This week Cherry continued her attempt to convince Violet Cheshire to cancel Honest Ernest’s contract to pave over a portion of the grounds and garden of the Sunny Soleil Society because of environmental issues. Unfortunately, currently married Violet declaimed her love for currently married Ernest and flatly refused to cancel his contract. Cherry was shocked as much by the apparent insult to traditional family values as she was by Violet’s decision. Stymied by this defeat, she stomped away to dig up rose bushes before the concrete arrived.
But now, a bit of history and contrition: When this strip began in 1946, Cherry led a feisty lifestyle but eventually married Mark and landed a new role as stay-at-home wife and mother to adopted son, Rusty. With few exceptions, Cherry’s appearance was limited to welcoming Mark home and despairing over his departures. One of Jules Rivera’s important innovations was to give Cherry more options, including her own adventures.

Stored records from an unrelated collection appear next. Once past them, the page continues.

Lemma Psi_e1 m : Psi m.+2 (e1 R) (e1 R) =
  if odd m then (ES m.+1)^T *m IS m.+1 *m ES m.+1 else 1%:M.
Proof.
by rewrite PsiE alphaS_e1 trmx1 mulmx1; case: ifP => _; rewrite ?mulmx1 ?mulVmx ?ES_unitmx.
Qed.

Lemma Psi1_diag (t : R) : Psi1 t = diag_mx (\row_(i < 2) (if i == 0 :> nat then t else -1)).
Proof.
by apply/matrixP => i j; rewrite !mxE; case: eqP => [->|]; rewrite ?eqxx ?mulr1n ?mulr0n.
Qed.

Lemma trmx_Psi1 (t : R) : (Psi1 t)^T = Psi1 t.
Proof. by rewrite Psi1_diag tr_diag_mx. Qed.

Lemma Psi1_unitmx (t : R) : t \is a GRing.unit -> Psi1 t \in unitmx.
Proof.
move=> t_unit; rewrite Psi1_diag unitmxE det_diag !big_ord_recr big_ord0 !mxE /= mul1r.
by rewrite unitrM t_unit unitrN unitr1.
Qed.

End Psi.

Theorem proposition3p6 (k : fieldType) (hk : (2%:R : k) != 0) (R : comUnitAlgType k) :
  (forall t : R, t \is a GRing.unit ->
     (Psi1 t)^T = Psi1 t /\ Psi1 t \in unitmx) /\
  (forall n : nat, (2 <= n)%N ->
     (forall x y : nat -> R, \sum_(i < n) x i * y i = 1 ->
        Psi n x y \in unitmx /\
        ((n %% 4 = 0)%N -> (Psi n x y)^T *m sigma R (2 ^ n.-1) *m Psi n x y
                            = sigma R (2 ^ n.-1)) /\
        ((n %% 4 = 1)%N -> (Psi n x y)^T = Psi n x y) /\
        ((n %% 4 = 2)%N -> (Psi n x y)^T *m psi R (2 ^ n.-1) *m Psi n x y
                            = psi R (2 ^ n.-1)) /\
        ((n %% 4 = 3)%N -> (Psi n x y)^T = - Psi n x y)) /\
     ((n %% 4 = 0)%N -> Psi n (e1 R) (e1 R) = 1%:M) /\
     ((n %% 4 = 1)%N -> Psi n (e1 R) (e1 R) = sigma R (2 ^ n.-1)) /\
     ((n %% 4 = 2)%N -> Psi n (e1 R) (e1 R) = 1%:M) /\
     ((n %% 4 = 3)%N -> Psi n (e1 R) (e1 R) = psi R (2 ^ n.-1))).
Proof.
split=> [t t_unit | [|[|m]] // _]; first by rewrite trmx_Psi1 Psi1_unitmx.
have residue r : (m.+2 %% 4 = r)%N -> odd m = odd r /\ I_skew m.+2 = (2 <= r)%N.
  by move=> n_mod4; rewrite /I_skew -n_mod4 odd_mod //= negbK.
rewrite [m.+2.-1]/=; split.
  move=> x y xy1; split; first exact: Psi_unitmx.
  have form m_even := Psi_preserves_form m_even xy1; rewrite ES_form in form.
  split=> [/residue[/negbT m_even skew] | ]; first by have := form m_even; rewrite skew.
  split=> [/residue[m_odd skew] | ]; first by rewrite trmx_Psi_odd ?m_odd ?skew.
  split=> [/residue[/negbT m_even skew] | /residue[m_odd skew]].
    by have := form m_even; rewrite skew.
  by rewrite trmx_Psi_odd ?m_odd ?skew.
split=> [/residue[/= m_par skew] | ]; first by rewrite Psi_e1 m_par.
split=> [/residue[/= m_par skew] | ]; first by rewrite Psi_e1 m_par ES_form skew.
split=> [/residue[/= m_par skew] | /residue[/= m_par skew]]; first by rewrite Psi_e1 m_par.
by rewrite Psi_e1 m_par ES_form skew.
Qed.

I opined earlier this week about a supposed over-emphasis on emotion and reaction as might be heard in a soap opera. However, my wife reminded me that women, in general, are more likely to discuss feelings and relationships than men. Fair point. Even a blockhead like me recognizes that Cherry’s adventures add an additional—female—spotlight on this male-oriented adventure strip. So, I was wrong to get overly snarky about the dialog. Anyway, I’d still like to see a story costarring Mark and Kelly Welly, since Rivera made a big deal about Kelly when she started out.
My usual quick-and-dirty research confirms most of what Mark reports. But he fails to report that some major concrete companies are working on solutions to reduce CO2 emissions, while there is a lot of research into developing safer alternatives to concrete. I’d be happy for that, because concrete is not only a health hazard, it also usually leads to ugly, prefabbed architecture, inflexible sidewalks and driveways, and sore arms from mixing it for home projects.